CPB results in a systemic inflammatory response syndrome due to blood exposure to nonendothelial surfaces. In addition, our previous study using a neonatal piglet model has shown that CPB causes prolonged brain-specific inflammation. BM-MSCs are able to regulate both adaptive and innate immune responses,, and have been widely applied in treatment for graft-versus-host disease and autoimmune disorders., These findings suggest that BM-MSC administration through CPB is potentially a highly effective approach to control the inflammatory response during pediatric cardiac surgery.

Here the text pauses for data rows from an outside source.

Theorem theorem3 (F : finFieldType) (n k : nat) (lambda : F)
  (alpha : 'I_n -> F) :
  #|F| = (2 ^ n)%N -> ~~ odd n -> (1 <= k)%N -> self_dual alpha ->
  let d := gcdn k n in
  let f := fun x : F => trb n (lambda * x ^+ (2 ^ k + 1)) in
  let P : {poly F} :=
    (lambda ^+ (2 ^ (n - k %% n)))%:P * 'X^(2 ^ (n - k %% n))
    + lambda%:P * 'X^(2 ^ k) in
  let cond1 := complete_mapping P in
  let cond2 :=
    ~ (exists v0 : F, v0 ^+ (2 ^ d) != v0 /\
         lambda = v0 ^+ (2 ^ (2 * k) + 1) / (v0 + v0 ^+ (2 ^ k)) ^+ (2 ^ k + 1))
    /\ ~ (exists v : F, lambda = v ^+ (2 ^ k + 1)) in
  (bent_negabent alpha f <-> cond1) /\ (cond1 <-> cond2).
Proof.
move=> cardF n_even k_gt0 alpha_sd d f P cond1 cond2.
have P_eval : horner P =1 gold_lin n k lambda.
  by move=> x; rewrite hornerD !hornerCM !hornerXn -exprMn.
have PX_eval : horner (P + 'X) =1 (fun a => gold_lin n k lambda a + a).
  by move=> x; rewrite hornerD hornerX P_eval.
have cond1E : cond1 <->
    injective (gold_lin n k lambda) /\ injective (fun a => gold_lin n k lambda a + a).
  rewrite /cond1 /complete_mapping !perm_polyP.
  split=> -[inj_L inj_L1]; split.
  - exact: eq_inj inj_L P_eval.
  - exact: eq_inj inj_L1 PX_eval.
  - exact: eq_inj inj_L (fsym P_eval).
  - exact: eq_inj inj_L1 (fsym PX_eval).
split; rewrite cond1E.
  by rewrite /bent_negabent (gold_bentP cardF) // (gold_negabentP cardF).
by rewrite (gold_lin_injP cardF) (gold_lin_shift_injP cardF) // and_comm.
Qed.
Lemma espan_conj v : espan s v -> espan (conjS s) (map_mx (fun z => z^*) v).
Proof.
move=> [c [Ec ->]]; exists (fun i => (c i)^*); split.
  by move=> i; apply: is_eis_conj.
by rewrite map_mx_sum; apply: eq_bigr => i _; rewrite map_mxZ.
Qed.

End Span.

Lemma espan_trans s s' v : (forall i, espan s' (s i)) -> espan s v -> espan s' v.
Proof.
move=> s_s' [c [Ec ->]]; apply: (big_ind (espan s')).
- exact: espan0.
- exact: espanD.
- by move=> i _; apply: espanZ.
Qed.

Lemma espan_fam4 a b c d v :
  espan (fam4 a b c d) v <->
  exists c0 c1 c2 c3, [/\ is_eis c0, is_eis c1, is_eis c2, is_eis c3 &
     v = c0 *: a + c1 *: b + c2 *: c + c3 *: d].
Proof.
split=> [[k [Ek ->]]|[c0 [c1 [c2 [c3 [E0 E1 E2 E3 ->]]]]]].
  rewrite !big_ord_recl big_ord0 addr0 !addrA.
  by do 4 eexists; split; [apply: Ek | apply: Ek | apply: Ek | apply: Ek | reflexivity].
exists (fun i : 'I_4 => nth 0 [:: c0; c1; c2; c3] i); split.
  by case=> [[|[|[|[|]]]]].
by rewrite !big_ord_recl big_ord0 addr0 /fam4 !addrA.
Qed.

Ltac eis_coords :=
  rewrite /w /wb ?theta_eisE ?omegab_eisE ?omega_eisE -?eis00 -?eis10
          ?(vec4Z, vec4D) ?(eisM, eisD, eisN, eisB, conj_eis).

Ltac eis_vec4_eq := congr vec4; congr eis; lia.

Tactic Notation "espan_by" uconstr(a0) uconstr(b0) uconstr(a1) uconstr(b1)
    uconstr(a2) uconstr(b2) uconstr(a3) uconstr(b3) :=
  apply/espan_fam4;
  exists (eis a0 b0), (eis a1 b1), (eis a2 b2), (eis a3 b3);
  split; try apply: is_eis_eis;
  eis_coords; eis_vec4_eq.

Lemma T_in_Lam1 i : Lam 1 (T i).
Proof.
rewrite /Lam /S /S1 /T /fam4; case: i => [[|[|[|[|]]]]] // _ /=.
- by espan_by 1 2  0 0  0 0  0 0.
- by espan_by 0 0  1 2  0 0  0 0.
- by espan_by 1 0  1 0  1 0  0 0.
- by espan_by 0 0  1 0  (-1) 0  1 0.
Qed.

Lemma T_in_Lam2 i : Lam 2 (T i).
Proof.
rewrite /Lam /S /S2 /T /fam4; case: i => [[|[|[|[|]]]]] // _ /=.
- by espan_by 0 0  (-1) 0  (-1) 0  (-1) 0.
- by espan_by (-1) 0  0 0  1 0  (-1) 0.
- by espan_by 0 0  0 0  0 0  1 2.
- by espan_by 1 2  0 0  0 0  0 0.
Qed.

Lemma T_in_Lam3 i : Lam 3 (T i).
Proof.
rewrite /Lam /S /S3 /T /fam4; case: i => [[|[|[|[|]]]]] // _ /=.
- by espan_by 0 0  (-1) 0  (-1) 0  (-1) 0.
- by espan_by (-1) 0  0 0  (-1) (-1)  1 1.
- by espan_by 0 0  0 1  0 1  1 0.
- by espan_by 1 1  1 0  (-1) 0  0 0.
Qed.

Lemma T_in_Lam4 i : Lam 4 (T i).
Proof.
rewrite /Lam /S /S4 /T /fam4; case: i => [[|[|[|[|]]]]] // _ /=.
- by espan_by 0 0  (-1) 0  (-1) 0  (-1) 0.
- by espan_by (-1) 0  0 0  1 0  (-1) 0.
- by espan_by 0 1  0 1  0 0  1 1.
- by espan_by 1 0  0 0  0 (-1)  0 1.
Qed.

Lemma T_in_Lam5 i : Lam 5 (T i).
Proof.
rewrite /Lam /S /S5 /T /fam4; case: i => [[|[|[|[|]]]]] // _ /=.
- by espan_by 0 0  (-1) 0  (-1) 0  (-1) 0.
- by espan_by (-1) 0  0 0  (-1) (-1)  1 1.
- by espan_by 0 1  1 1  0 1  0 0.
- by espan_by 0 0  (-1) (-1)  0 1  1 0.
Qed.

Lemma T_in_Lam6 i : Lam 6 (T i).
Proof.
rewrite /Lam /S /S6 /T /fam4; case: i => [[|[|[|[|]]]]] // _ /=.
- by espan_by 0 0  (-1) 0  (-1) 0  (-1) 0.
- by espan_by (-1) 0  0 0  0 1  0 (-1).
- by espan_by 0 1  0 0  1 1  0 1.
- by espan_by 1 1  1 1  0 0  (-1) (-1).
Qed.

Lemma conj_T i : map_mx (fun z => z^*) (T i) = (if (i < 2)%N then 1 else -1) *: T i.
Proof.
rewrite /T /fam4; case: i => [[|[|[|[|]]]]] // _ /=; rewrite vec4Z map_vec4.
all: by eis_coords; eis_vec4_eq.
Qed.

Lemma T_in_conjS s i : espan s (T i) -> espan (conjS s) (T i).
Proof.
move=> /espan_conj; rewrite conj_T; case: ifP => _; first by rewrite scale1r.
have Eopp1 : is_eis (-1) by rewrite -eis10 eisN; apply: is_eis_eis.
by move/(espanZ Eopp1); rewrite scalerA mulrNN mulr1 scale1r.
Qed.

Lemma T_in_Lam k : (1 <= k <= 10)%N -> forall i, Lam k (T i).
Proof.
case: k => [|[|[|[|[|[|[|[|[|[|[|k]]]]]]]]]]] // _ i.
- exact: T_in_Lam1.
- exact: T_in_Lam2.
- exact: T_in_Lam3.
- exact: T_in_Lam4.
- exact: T_in_Lam5.
- exact: T_in_Lam6.
- exact: T_in_conjS (T_in_Lam3 i).
- exact: T_in_conjS (T_in_Lam4 i).
- exact: T_in_conjS (T_in_Lam5 i).
- exact: T_in_conjS (T_in_Lam6 i).
Qed.

Lemma Lam1_Lam2_espanT v : Lam 1 v -> Lam 2 v -> espan T v.
Proof.
rewrite /Lam /S /S1 /S2 => /espan_fam4 [c0 [c1 [c2 [c3 [E0 E1 E2 E3 ->]]]]].
move=> /espan_fam4 [d0 [d1 [d2 [d3 [F0 F1 F2 F3]]]]].
case/is_eisP: E0 => a0 [b0 ->]; case/is_eisP: E1 => a1 [b1 ->].
case/is_eisP: E2 => a2 [b2 ->]; case/is_eisP: E3 => a3 [b3 ->].
case/is_eisP: F0 => p0 [q0 ->]; case/is_eisP: F1 => p1 [q1 ->].
case/is_eisP: F2 => p2 [q2 ->]; case/is_eisP: F3 => p3 [q3 ->].
eis_coords => /vec4_inj [/eis_inj [? ?] /eis_inj [? ?] /eis_inj [? ?] /eis_inj [? ?]].
apply/espan_fam4; rewrite /T /fam4.
exists (eis (- p1) (- q1)), (eis (p2 - p1) (q2 - q1)),
       (eis (a0 + p1 - 2 * q1) (b0 + 2 * p1 - q1)), (eis a3 b3).
by split; try apply: is_eis_eis; eis_coords; eis_vec4_eq.
Qed.

Definition row8 (x0 x1 x2 x3 x4 x5 x6 x7 : algC) : 'rV[algC]_8 :=
  \row_(i < 8) nth 0 [:: x0; x1; x2; x3; x4; x5; x6; x7] i.

Lemma row8_eta (F : 'I_8 -> algC) : \row_i F i =
  row8 (F (inord 0)) (F (inord 1)) (F (inord 2)) (F (inord 3))
       (F (inord 4)) (F (inord 5)) (F (inord 6)) (F (inord 7)).
Proof.
apply/rowP => i; rewrite !mxE; case: i => [[|[|[|[|[|[|[|[|]]]]]]]]] // lt_i8 /=;
  by congr F; apply: val_inj; rewrite /= inordK.
Qed.

Lemma sum_row8 x0 x1 x2 x3 x4 x5 x6 x7 :
  \sum_(i < 8) row8 x0 x1 x2 x3 x4 x5 x6 x7 0 i = x0 + x1 + x2 + x3 + x4 + x5 + x6 + x7.
Proof. by rewrite !big_ord_recr big_ord0 /= !mxE /=; ring. Qed.

Lemma E8P y : E8 y <->
  exists h z0 z1 z2 z3 z4 z5 z6 z7 m : int, [/\ h = 0 \/ h = 1,
    y = row8 (z0%:~R + h%:~R / 2%:R) (z1%:~R + h%:~R / 2%:R) (z2%:~R + h%:~R / 2%:R)
             (z3%:~R + h%:~R / 2%:R) (z4%:~R + h%:~R / 2%:R) (z5%:~R + h%:~R / 2%:R)
             (z6%:~R + h%:~R / 2%:R) (z7%:~R + h%:~R / 2%:R) &
    z0 + z1 + z2 + z3 + z4 + z5 + z6 + z7 + 4 * h = 2 * m].
Proof.
split=> [[[z [y_int | y_half]] [m sum_y]]|].
- rewrite row8_eta in y_int; rewrite y_int sum_row8 in sum_y.
  exists 0; do 8 eexists; exists m; split; [by left | | ].
    by rewrite y_int; congr row8; rewrite mul0r addr0.
  by apply/eqP; rewrite -(eqr_int algC) -sum_y; apply/eqP; ring.
- rewrite row8_eta in y_half; rewrite y_half sum_row8 in sum_y.
  exists 1; do 8 eexists; exists m; split; [by right | | ].
    by rewrite y_half; congr row8; rewrite mul1r.
  by apply/eqP; rewrite -(eqr_int algC) -sum_y; apply/eqP; fld.
case=> h [z0 [z1 [z2 [z3 [z4 [z5 [z6 [z7 [m [h01 -> sum_z]]]]]]]]]]; split.
  exists (fun i => nth 0 [:: z0; z1; z2; z3; z4; z5; z6; z7] i).
  by case: h01 => ->; [left | right]; rewrite row8_eta !inordK //; congr row8 => /=; fld.
by exists m; rewrite sum_row8 -sum_z; fld.
Qed.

In our Phase 1 clinical trial, BM-MSCs must pass through the arterial filter integrated into a pediatric oxygenator before entering the patient's circulation. However the interaction of BM-MSCs with pediatric oxygenator performance is largely unknown. In addition, there is little information available regarding the direct immunomodulatory effect of BM-MSCs on the inflammatory response of circulating blood inside a CPB circuit. Therefore, the aim of the current study is to determine the interaction between BM-MSC administration and the performance of a pediatric membrane oxygenator while assessing the effect of BM-MSCs on the inflammatory response to CPB using an ex vivo model.

Material and Methods

Experimental Model

The ex vivo CPB circuit consists of a roller pump, a pediatric membrane oxygenator with integral arterial filter with a pore size of 32 μm (CAPIOX FX05; Terumo Corp, Tokyo, Japan), X-coated tubing (Terumo Corp), heater/cooler unit and gas delivery system (Figure 1, A). The circuit was primed with 100 mL human red blood cells (Innovative Research Inc, Novi, Mich) and 5000 U sodium heparin to simulate patient blood. Normal saline was used to adjust hematocrit levels between 30% and 40% (final priming volume; 175 ± 32.4 mL). At the beginning of ex vivo CPB, ABO-matched allogeneic whole blood (Innovative Research Inc) was administered to mimic exposure to an allogeneic blood prime. Pump flow rate was begun at 360 mL/min blood flow and 37°C blood temperature to mimic the clinical case of a human infant with 3 kg body weight. Gas flow was maintained at 3 L/min (95% oxygen and 5% carbon dioxide). The activated clotting time was maintained at >400 seconds during the perfusion simulation. After 80 minutes of perfusion, 10 mL normal saline either with 120 × 106 human BM-MSCs (MSC group, n = 5) or without cells (control, n = 5) were injected into the reservoir (Figure 1, A) to replicate the single injection protocol of our clinical trial. This dose was designed to assess the effect of the maximum target dose level in the clinical study (40 × 106 cells in infants weighing 3 kg). CPB was maintained until 300 minutes after administration (380 minutes total). The purge line of the circuit was kept closed. The pressure lines across the oxygenator were used to assess the transoxygenator pressure gradient. The preoxygenator blood flow was also measured with an inline flow sensor (Transonic Systems Inc, Ithaca, NY). Blood samples were collected before the beginning of CPB and at 60 (20 minutes before injection), 110, 140, 260, and 380 minutes for blood gas analysis and assessment of immune responses.

Figure 1

Schematic diagram of ex vivo circuit and direct injection test. A, The cardiopulmonary bypass circuit consists of a roller pump, a pediatric membrane oxygenator with an integral arterial filter, tubing, heater/cooler unit, and gas delivery system. The circuit is primed with 100 mL human red blood cells and sodium heparin. At the beginning of circulation, ABO-matched allogeneic whole blood is administered. After 80 minutes of perfusion, normal saline or bone marrow-derived mesenchymal stromal cells (BM-MSCs) are injected into a reservoir (arrow 1). The preoxygenator blood flow (arrow 2) and the pressures across the oxygenator (arrow 3-1 and 3-2) are measured to evaluate oxygenator performance. B, BM-MSCs are injected directly into the filter (arrow a) and collected after an arterial filter (arrow b) to assess the effect of the filter on the cell number and viability of BM-MSCs.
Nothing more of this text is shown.